[Saved entries]
○ ○ ○
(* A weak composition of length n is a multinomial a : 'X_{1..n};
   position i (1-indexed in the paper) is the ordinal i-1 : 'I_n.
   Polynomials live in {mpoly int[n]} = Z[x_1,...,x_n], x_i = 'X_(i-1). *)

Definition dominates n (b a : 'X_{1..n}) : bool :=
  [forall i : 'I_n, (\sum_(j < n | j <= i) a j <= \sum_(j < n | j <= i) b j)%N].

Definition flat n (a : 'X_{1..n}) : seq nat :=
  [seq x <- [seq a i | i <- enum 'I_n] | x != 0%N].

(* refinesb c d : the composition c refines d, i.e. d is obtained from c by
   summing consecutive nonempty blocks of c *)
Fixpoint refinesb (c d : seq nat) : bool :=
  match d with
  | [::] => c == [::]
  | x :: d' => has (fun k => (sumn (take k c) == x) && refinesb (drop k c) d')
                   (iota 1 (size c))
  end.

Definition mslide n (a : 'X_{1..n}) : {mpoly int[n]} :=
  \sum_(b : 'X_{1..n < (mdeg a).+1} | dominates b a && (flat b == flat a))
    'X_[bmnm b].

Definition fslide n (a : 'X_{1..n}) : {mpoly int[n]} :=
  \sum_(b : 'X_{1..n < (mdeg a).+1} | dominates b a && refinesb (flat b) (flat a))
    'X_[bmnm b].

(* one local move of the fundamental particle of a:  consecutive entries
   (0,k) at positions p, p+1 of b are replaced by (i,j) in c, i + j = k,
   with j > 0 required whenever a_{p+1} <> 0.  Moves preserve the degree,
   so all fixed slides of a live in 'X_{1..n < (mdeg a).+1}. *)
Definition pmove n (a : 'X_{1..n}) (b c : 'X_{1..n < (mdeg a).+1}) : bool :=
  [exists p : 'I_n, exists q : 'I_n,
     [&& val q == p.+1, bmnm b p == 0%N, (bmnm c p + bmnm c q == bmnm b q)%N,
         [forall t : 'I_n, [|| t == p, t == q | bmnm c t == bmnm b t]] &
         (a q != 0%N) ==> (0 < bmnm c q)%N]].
○ ○ ○
Write down only the closing run of lines: the one containing "Definition pmove n" and every line after it to the end of the entries, exactly.

Definition pmove n (a : 'X_{1..n}) (b c : 'X_{1..n < (mdeg a).+1}) : bool :=
  [exists p : 'I_n, exists q : 'I_n,
     [&& val q == p.+1, bmnm b p == 0%N, (bmnm c p + bmnm c q == bmnm b q)%N,
         [forall t : 'I_n, [|| t == p, t == q | bmnm c t == bmnm b t]] &
         (a q != 0%N) ==> (0 < bmnm c q)%N]].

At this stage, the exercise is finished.